Provided information:
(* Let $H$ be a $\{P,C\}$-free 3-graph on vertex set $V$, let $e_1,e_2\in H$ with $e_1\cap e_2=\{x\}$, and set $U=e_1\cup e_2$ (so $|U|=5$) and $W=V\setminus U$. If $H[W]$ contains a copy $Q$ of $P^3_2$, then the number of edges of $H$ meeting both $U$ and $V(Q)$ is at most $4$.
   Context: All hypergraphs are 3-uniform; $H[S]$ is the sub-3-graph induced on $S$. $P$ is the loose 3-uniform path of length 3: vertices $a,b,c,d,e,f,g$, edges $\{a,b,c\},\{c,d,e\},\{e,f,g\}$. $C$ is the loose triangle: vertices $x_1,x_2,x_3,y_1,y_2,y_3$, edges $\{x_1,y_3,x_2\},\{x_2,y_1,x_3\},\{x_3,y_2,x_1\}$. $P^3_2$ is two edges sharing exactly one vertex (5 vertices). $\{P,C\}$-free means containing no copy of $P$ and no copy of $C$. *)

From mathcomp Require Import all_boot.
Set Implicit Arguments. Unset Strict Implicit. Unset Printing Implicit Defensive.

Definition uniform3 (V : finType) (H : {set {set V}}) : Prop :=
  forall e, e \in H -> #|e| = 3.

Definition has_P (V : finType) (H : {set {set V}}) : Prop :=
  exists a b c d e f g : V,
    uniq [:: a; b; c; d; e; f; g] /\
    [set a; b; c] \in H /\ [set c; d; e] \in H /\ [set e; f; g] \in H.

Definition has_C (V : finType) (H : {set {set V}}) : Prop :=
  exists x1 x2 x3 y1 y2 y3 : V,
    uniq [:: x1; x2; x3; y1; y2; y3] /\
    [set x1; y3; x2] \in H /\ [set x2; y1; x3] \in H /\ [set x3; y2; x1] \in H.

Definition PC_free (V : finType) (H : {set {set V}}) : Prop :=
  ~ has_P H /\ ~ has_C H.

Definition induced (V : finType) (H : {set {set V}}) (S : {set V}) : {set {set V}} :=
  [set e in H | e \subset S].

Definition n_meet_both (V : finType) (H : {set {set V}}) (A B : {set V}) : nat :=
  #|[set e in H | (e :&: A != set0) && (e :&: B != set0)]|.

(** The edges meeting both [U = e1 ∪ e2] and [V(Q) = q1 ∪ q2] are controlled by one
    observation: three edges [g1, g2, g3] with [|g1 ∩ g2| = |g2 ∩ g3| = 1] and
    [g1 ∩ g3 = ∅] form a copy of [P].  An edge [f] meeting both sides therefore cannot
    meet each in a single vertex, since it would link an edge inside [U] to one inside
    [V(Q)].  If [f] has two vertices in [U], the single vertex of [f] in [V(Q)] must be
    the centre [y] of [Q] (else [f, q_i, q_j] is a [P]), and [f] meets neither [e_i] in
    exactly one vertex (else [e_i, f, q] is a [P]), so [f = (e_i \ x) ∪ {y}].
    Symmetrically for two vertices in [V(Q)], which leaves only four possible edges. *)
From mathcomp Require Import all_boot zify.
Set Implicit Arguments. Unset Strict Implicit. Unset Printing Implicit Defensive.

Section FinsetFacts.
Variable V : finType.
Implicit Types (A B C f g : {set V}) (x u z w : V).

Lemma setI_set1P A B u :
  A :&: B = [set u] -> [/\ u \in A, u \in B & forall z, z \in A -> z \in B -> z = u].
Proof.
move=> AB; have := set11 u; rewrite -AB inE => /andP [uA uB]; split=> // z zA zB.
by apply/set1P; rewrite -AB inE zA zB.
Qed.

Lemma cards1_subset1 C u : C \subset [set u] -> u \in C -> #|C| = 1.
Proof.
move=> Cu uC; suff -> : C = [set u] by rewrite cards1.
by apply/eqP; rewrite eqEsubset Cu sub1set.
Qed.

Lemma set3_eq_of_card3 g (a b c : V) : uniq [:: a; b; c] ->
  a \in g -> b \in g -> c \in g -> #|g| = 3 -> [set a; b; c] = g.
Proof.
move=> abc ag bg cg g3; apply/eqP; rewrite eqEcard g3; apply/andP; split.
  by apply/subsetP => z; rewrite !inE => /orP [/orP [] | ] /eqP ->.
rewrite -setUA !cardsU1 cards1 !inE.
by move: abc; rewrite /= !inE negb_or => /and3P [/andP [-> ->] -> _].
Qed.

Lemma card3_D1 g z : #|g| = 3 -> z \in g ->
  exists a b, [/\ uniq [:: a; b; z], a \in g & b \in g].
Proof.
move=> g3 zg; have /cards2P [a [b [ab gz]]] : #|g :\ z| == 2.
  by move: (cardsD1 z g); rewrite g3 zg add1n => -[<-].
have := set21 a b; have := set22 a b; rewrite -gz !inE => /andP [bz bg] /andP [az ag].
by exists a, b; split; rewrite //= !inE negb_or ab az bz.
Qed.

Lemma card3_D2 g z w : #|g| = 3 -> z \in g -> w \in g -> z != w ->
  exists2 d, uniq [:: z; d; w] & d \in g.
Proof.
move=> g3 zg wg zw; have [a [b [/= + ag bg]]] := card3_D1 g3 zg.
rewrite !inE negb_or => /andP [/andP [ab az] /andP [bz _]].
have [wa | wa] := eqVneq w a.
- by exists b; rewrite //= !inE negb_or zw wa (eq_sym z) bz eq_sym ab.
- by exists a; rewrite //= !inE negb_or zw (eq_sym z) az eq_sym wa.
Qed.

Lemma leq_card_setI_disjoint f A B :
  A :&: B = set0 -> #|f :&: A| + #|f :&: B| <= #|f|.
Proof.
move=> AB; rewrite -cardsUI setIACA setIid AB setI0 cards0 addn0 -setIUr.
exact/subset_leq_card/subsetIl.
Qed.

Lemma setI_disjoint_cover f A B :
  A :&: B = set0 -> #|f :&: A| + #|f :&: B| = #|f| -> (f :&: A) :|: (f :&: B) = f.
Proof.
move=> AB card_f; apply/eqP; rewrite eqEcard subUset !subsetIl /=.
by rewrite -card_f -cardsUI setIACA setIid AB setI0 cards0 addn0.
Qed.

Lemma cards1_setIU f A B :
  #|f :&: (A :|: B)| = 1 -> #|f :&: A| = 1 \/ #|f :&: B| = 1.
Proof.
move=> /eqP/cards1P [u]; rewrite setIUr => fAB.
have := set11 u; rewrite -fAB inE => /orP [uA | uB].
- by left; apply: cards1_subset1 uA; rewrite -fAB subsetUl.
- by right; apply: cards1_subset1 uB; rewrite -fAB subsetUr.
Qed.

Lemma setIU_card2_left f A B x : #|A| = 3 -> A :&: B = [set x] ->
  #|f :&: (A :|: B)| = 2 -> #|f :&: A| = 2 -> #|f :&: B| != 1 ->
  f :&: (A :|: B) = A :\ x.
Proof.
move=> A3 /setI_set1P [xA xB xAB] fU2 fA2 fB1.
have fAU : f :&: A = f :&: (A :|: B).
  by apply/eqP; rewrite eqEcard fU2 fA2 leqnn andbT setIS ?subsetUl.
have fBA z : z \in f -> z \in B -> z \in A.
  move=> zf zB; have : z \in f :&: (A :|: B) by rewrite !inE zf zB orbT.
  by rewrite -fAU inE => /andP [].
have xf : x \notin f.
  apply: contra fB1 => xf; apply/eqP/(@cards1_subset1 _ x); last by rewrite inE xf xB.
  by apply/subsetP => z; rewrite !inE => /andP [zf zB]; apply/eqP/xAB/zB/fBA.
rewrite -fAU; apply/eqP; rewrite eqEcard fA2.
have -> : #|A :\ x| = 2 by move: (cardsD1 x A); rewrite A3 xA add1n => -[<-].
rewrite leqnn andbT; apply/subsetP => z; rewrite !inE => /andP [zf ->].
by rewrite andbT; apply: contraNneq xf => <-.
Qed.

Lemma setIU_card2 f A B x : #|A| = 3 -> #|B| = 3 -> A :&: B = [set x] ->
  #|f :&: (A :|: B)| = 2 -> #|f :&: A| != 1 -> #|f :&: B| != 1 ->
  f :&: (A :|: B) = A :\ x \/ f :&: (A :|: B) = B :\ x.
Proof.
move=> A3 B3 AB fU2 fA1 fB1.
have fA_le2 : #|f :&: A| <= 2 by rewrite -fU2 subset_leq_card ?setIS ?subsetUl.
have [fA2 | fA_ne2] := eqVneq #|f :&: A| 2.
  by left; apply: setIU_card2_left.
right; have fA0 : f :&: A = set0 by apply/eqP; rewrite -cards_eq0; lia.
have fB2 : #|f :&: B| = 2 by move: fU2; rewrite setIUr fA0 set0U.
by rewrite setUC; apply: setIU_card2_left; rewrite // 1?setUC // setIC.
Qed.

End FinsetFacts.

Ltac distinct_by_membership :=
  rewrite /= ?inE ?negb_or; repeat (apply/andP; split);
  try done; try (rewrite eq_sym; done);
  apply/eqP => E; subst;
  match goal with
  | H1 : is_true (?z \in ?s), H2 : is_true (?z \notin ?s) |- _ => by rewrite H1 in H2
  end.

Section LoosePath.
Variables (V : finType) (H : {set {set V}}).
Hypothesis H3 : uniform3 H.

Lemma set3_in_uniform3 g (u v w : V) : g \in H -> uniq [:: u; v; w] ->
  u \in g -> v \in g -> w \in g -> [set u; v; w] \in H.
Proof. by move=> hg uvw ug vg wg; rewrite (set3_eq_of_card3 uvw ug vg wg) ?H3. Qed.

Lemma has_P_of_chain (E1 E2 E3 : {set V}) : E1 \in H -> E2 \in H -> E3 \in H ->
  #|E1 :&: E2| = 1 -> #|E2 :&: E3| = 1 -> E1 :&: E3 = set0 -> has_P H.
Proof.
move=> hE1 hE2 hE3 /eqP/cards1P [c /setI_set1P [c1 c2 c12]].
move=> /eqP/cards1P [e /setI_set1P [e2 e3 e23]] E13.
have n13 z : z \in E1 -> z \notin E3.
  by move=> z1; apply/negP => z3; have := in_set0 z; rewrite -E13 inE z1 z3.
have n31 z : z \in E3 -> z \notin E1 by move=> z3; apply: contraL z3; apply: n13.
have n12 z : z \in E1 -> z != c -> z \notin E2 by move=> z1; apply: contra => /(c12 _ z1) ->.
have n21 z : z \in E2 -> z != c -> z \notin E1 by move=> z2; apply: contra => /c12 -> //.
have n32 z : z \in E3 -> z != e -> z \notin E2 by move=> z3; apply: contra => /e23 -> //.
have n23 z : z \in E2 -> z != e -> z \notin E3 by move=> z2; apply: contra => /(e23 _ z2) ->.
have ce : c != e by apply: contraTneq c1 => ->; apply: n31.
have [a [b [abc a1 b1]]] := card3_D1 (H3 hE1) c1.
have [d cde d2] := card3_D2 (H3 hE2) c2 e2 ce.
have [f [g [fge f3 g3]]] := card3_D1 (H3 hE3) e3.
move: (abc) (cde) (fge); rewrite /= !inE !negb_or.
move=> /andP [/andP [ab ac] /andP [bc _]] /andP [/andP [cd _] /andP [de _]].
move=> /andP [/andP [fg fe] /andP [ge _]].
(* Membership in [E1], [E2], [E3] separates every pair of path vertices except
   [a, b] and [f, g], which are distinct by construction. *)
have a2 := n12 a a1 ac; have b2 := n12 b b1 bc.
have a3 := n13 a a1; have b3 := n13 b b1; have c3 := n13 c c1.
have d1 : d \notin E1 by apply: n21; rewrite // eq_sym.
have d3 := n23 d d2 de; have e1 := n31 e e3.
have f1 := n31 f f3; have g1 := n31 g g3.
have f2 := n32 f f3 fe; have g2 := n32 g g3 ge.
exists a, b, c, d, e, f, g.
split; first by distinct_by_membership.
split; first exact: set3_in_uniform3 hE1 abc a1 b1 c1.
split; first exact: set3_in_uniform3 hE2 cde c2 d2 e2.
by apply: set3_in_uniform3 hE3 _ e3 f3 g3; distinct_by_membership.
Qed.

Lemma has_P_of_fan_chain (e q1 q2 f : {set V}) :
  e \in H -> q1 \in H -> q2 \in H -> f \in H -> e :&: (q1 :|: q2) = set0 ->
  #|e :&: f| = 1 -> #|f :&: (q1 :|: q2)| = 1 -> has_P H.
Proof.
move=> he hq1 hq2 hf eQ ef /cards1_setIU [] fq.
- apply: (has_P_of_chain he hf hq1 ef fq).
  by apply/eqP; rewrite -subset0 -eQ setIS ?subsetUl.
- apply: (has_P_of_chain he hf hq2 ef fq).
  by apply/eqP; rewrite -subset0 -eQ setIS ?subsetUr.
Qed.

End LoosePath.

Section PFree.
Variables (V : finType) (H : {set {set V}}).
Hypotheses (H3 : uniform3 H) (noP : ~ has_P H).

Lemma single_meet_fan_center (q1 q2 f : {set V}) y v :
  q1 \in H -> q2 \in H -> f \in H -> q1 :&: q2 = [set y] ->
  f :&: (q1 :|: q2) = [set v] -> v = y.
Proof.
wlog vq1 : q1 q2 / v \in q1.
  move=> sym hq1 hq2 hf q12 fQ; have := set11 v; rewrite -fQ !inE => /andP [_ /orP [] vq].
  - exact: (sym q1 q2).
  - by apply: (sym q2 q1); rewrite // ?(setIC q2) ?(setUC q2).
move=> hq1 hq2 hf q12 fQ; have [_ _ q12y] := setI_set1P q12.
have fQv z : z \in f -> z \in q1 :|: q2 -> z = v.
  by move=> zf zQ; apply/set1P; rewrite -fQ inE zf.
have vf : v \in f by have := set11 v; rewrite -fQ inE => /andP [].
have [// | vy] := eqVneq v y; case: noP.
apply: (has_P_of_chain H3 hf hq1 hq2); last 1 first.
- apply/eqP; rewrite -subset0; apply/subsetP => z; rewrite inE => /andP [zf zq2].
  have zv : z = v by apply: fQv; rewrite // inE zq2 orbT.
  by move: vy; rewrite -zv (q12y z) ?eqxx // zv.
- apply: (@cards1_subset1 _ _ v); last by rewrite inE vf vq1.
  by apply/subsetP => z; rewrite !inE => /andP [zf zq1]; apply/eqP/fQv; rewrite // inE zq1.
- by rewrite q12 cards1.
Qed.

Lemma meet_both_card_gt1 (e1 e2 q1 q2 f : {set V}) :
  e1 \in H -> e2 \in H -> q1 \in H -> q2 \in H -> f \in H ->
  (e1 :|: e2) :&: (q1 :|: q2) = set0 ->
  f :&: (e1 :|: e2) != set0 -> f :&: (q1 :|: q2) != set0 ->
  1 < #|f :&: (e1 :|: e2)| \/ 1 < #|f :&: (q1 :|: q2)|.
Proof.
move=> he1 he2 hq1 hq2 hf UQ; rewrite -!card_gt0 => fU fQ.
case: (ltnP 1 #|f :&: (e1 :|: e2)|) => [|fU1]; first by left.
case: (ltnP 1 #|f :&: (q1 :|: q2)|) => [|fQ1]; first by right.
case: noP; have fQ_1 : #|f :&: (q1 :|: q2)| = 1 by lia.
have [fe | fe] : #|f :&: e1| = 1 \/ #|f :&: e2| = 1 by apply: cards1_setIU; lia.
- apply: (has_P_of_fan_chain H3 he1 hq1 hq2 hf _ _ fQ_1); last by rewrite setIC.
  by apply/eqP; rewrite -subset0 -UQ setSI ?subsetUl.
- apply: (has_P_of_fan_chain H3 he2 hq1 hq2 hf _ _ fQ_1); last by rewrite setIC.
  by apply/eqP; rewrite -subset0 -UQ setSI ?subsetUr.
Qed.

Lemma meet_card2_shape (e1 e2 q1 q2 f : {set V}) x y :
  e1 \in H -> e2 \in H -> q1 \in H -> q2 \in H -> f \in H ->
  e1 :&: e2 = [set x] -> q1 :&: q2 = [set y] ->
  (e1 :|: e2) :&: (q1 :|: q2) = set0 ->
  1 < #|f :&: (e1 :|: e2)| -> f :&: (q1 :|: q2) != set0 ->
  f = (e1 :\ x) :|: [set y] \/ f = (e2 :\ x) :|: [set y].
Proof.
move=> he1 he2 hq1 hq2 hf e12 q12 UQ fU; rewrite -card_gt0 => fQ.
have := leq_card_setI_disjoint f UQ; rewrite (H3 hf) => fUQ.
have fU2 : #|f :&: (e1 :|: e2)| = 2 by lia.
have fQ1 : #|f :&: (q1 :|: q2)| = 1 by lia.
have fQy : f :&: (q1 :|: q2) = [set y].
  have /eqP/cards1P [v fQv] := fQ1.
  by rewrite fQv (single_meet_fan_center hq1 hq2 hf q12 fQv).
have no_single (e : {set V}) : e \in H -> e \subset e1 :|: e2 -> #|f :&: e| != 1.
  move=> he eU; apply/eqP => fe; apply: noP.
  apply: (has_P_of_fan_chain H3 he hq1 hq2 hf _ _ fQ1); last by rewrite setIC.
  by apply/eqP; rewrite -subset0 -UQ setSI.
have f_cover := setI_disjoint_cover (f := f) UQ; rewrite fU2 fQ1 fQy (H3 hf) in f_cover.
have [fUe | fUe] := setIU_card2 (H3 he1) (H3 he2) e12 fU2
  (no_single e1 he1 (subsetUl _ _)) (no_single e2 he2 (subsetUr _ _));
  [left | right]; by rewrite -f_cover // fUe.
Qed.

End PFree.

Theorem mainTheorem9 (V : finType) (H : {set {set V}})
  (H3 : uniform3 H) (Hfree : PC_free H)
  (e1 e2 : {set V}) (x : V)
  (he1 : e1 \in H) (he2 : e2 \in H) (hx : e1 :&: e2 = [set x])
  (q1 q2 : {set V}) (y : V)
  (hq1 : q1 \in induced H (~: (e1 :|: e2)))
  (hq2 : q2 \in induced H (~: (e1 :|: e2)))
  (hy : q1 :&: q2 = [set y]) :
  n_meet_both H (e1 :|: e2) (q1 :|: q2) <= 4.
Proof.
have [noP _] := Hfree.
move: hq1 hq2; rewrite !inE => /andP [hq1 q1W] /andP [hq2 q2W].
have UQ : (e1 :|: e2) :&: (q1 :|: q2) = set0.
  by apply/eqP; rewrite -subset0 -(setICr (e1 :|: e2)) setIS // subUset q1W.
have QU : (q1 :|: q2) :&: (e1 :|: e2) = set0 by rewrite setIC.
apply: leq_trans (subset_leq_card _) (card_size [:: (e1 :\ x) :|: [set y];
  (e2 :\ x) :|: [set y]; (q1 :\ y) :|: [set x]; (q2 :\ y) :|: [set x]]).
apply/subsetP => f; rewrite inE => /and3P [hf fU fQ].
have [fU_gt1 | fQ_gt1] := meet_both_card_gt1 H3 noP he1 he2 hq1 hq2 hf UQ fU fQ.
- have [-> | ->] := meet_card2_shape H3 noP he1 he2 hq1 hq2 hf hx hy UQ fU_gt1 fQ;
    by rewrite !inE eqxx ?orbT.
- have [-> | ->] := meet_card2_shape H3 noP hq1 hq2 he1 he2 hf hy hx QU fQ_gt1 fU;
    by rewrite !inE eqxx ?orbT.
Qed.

Task details: Up to and including the line with "[set e in H | e \subset S].", print every line of the records from the start.

Solution:
(* Let $H$ be a $\{P,C\}$-free 3-graph on vertex set $V$, let $e_1,e_2\in H$ with $e_1\cap e_2=\{x\}$, and set $U=e_1\cup e_2$ (so $|U|=5$) and $W=V\setminus U$. If $H[W]$ contains a copy $Q$ of $P^3_2$, then the number of edges of $H$ meeting both $U$ and $V(Q)$ is at most $4$.
   Context: All hypergraphs are 3-uniform; $H[S]$ is the sub-3-graph induced on $S$. $P$ is the loose 3-uniform path of length 3: vertices $a,b,c,d,e,f,g$, edges $\{a,b,c\},\{c,d,e\},\{e,f,g\}$. $C$ is the loose triangle: vertices $x_1,x_2,x_3,y_1,y_2,y_3$, edges $\{x_1,y_3,x_2\},\{x_2,y_1,x_3\},\{x_3,y_2,x_1\}$. $P^3_2$ is two edges sharing exactly one vertex (5 vertices). $\{P,C\}$-free means containing no copy of $P$ and no copy of $C$. *)

From mathcomp Require Import all_boot.
Set Implicit Arguments. Unset Strict Implicit. Unset Printing Implicit Defensive.

Definition uniform3 (V : finType) (H : {set {set V}}) : Prop :=
  forall e, e \in H -> #|e| = 3.

Definition has_P (V : finType) (H : {set {set V}}) : Prop :=
  exists a b c d e f g : V,
    uniq [:: a; b; c; d; e; f; g] /\
    [set a; b; c] \in H /\ [set c; d; e] \in H /\ [set e; f; g] \in H.

Definition has_C (V : finType) (H : {set {set V}}) : Prop :=
  exists x1 x2 x3 y1 y2 y3 : V,
    uniq [:: x1; x2; x3; y1; y2; y3] /\
    [set x1; y3; x2] \in H /\ [set x2; y1; x3] \in H /\ [set x3; y2; x1] \in H.

Definition PC_free (V : finType) (H : {set {set V}}) : Prop :=
  ~ has_P H /\ ~ has_C H.

Definition induced (V : finType) (H : {set {set V}}) (S : {set V}) : {set {set V}} :=
  [set e in H | e \subset S].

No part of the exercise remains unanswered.